━━━ Records to process ━━━

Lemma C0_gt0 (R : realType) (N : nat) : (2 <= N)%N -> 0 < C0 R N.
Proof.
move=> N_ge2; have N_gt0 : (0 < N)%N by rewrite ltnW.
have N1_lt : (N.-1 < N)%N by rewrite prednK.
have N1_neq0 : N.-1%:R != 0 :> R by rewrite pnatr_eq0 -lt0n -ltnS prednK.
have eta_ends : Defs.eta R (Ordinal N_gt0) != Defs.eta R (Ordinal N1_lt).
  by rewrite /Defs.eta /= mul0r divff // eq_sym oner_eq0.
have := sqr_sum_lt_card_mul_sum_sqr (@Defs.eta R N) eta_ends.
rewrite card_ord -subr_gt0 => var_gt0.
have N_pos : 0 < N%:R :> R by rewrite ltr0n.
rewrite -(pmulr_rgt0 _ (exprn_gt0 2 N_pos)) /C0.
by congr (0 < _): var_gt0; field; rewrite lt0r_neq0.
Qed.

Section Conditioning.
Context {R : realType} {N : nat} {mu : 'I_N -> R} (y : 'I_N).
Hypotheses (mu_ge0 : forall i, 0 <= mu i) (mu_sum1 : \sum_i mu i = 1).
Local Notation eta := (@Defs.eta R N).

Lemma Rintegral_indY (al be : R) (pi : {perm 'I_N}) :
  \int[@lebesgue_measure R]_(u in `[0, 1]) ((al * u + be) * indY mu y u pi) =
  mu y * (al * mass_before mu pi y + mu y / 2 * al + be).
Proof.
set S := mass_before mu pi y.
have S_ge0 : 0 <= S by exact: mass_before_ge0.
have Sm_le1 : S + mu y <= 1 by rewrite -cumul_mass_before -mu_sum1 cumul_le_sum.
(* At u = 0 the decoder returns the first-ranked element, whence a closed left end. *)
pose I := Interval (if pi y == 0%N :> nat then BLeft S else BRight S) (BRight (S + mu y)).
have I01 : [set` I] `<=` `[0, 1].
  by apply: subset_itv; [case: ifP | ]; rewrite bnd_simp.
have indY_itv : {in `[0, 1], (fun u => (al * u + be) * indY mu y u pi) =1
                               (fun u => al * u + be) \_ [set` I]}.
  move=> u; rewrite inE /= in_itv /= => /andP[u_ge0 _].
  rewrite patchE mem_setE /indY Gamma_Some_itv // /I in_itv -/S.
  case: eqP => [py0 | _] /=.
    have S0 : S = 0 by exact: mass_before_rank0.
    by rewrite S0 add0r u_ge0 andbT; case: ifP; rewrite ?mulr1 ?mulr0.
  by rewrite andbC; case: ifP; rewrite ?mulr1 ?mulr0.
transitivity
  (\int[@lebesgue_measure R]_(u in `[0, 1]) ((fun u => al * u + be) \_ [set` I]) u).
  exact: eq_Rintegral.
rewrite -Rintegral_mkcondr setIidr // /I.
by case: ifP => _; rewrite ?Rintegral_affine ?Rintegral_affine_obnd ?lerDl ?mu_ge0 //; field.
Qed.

━━━

Exercise objective =
Every word of the data above should be given again, exactly as it stands.

Task output =
Lemma C0_gt0 (R : realType) (N : nat) : (2 <= N)%N -> 0 < C0 R N.
Proof.
move=> N_ge2; have N_gt0 : (0 < N)%N by rewrite ltnW.
have N1_lt : (N.-1 < N)%N by rewrite prednK.
have N1_neq0 : N.-1%:R != 0 :> R by rewrite pnatr_eq0 -lt0n -ltnS prednK.
have eta_ends : Defs.eta R (Ordinal N_gt0) != Defs.eta R (Ordinal N1_lt).
  by rewrite /Defs.eta /= mul0r divff // eq_sym oner_eq0.
have := sqr_sum_lt_card_mul_sum_sqr (@Defs.eta R N) eta_ends.
rewrite card_ord -subr_gt0 => var_gt0.
have N_pos : 0 < N%:R :> R by rewrite ltr0n.
rewrite -(pmulr_rgt0 _ (exprn_gt0 2 N_pos)) /C0.
by congr (0 < _): var_gt0; field; rewrite lt0r_neq0.
Qed.

Section Conditioning.
Context {R : realType} {N : nat} {mu : 'I_N -> R} (y : 'I_N).
Hypotheses (mu_ge0 : forall i, 0 <= mu i) (mu_sum1 : \sum_i mu i = 1).
Local Notation eta := (@Defs.eta R N).

Lemma Rintegral_indY (al be : R) (pi : {perm 'I_N}) :
  \int[@lebesgue_measure R]_(u in `[0, 1]) ((al * u + be) * indY mu y u pi) =
  mu y * (al * mass_before mu pi y + mu y / 2 * al + be).
Proof.
set S := mass_before mu pi y.
have S_ge0 : 0 <= S by exact: mass_before_ge0.
have Sm_le1 : S + mu y <= 1 by rewrite -cumul_mass_before -mu_sum1 cumul_le_sum.
(* At u = 0 the decoder returns the first-ranked element, whence a closed left end. *)
pose I := Interval (if pi y == 0%N :> nat then BLeft S else BRight S) (BRight (S + mu y)).
have I01 : [set` I] `<=` `[0, 1].
  by apply: subset_itv; [case: ifP | ]; rewrite bnd_simp.
have indY_itv : {in `[0, 1], (fun u => (al * u + be) * indY mu y u pi) =1
                               (fun u => al * u + be) \_ [set` I]}.
  move=> u; rewrite inE /= in_itv /= => /andP[u_ge0 _].
  rewrite patchE mem_setE /indY Gamma_Some_itv // /I in_itv -/S.
  case: eqP => [py0 | _] /=.
    have S0 : S = 0 by exact: mass_before_rank0.
    by rewrite S0 add0r u_ge0 andbT; case: ifP; rewrite ?mulr1 ?mulr0.
  by rewrite andbC; case: ifP; rewrite ?mulr1 ?mulr0.
transitivity
  (\int[@lebesgue_measure R]_(u in `[0, 1]) ((fun u => al * u + be) \_ [set` I]) u).
  exact: eq_Rintegral.
rewrite -Rintegral_mkcondr setIidr // /I.
by case: ifP => _; rewrite ?Rintegral_affine ?Rintegral_affine_obnd ?lerDl ?mu_ge0 //; field.
Qed.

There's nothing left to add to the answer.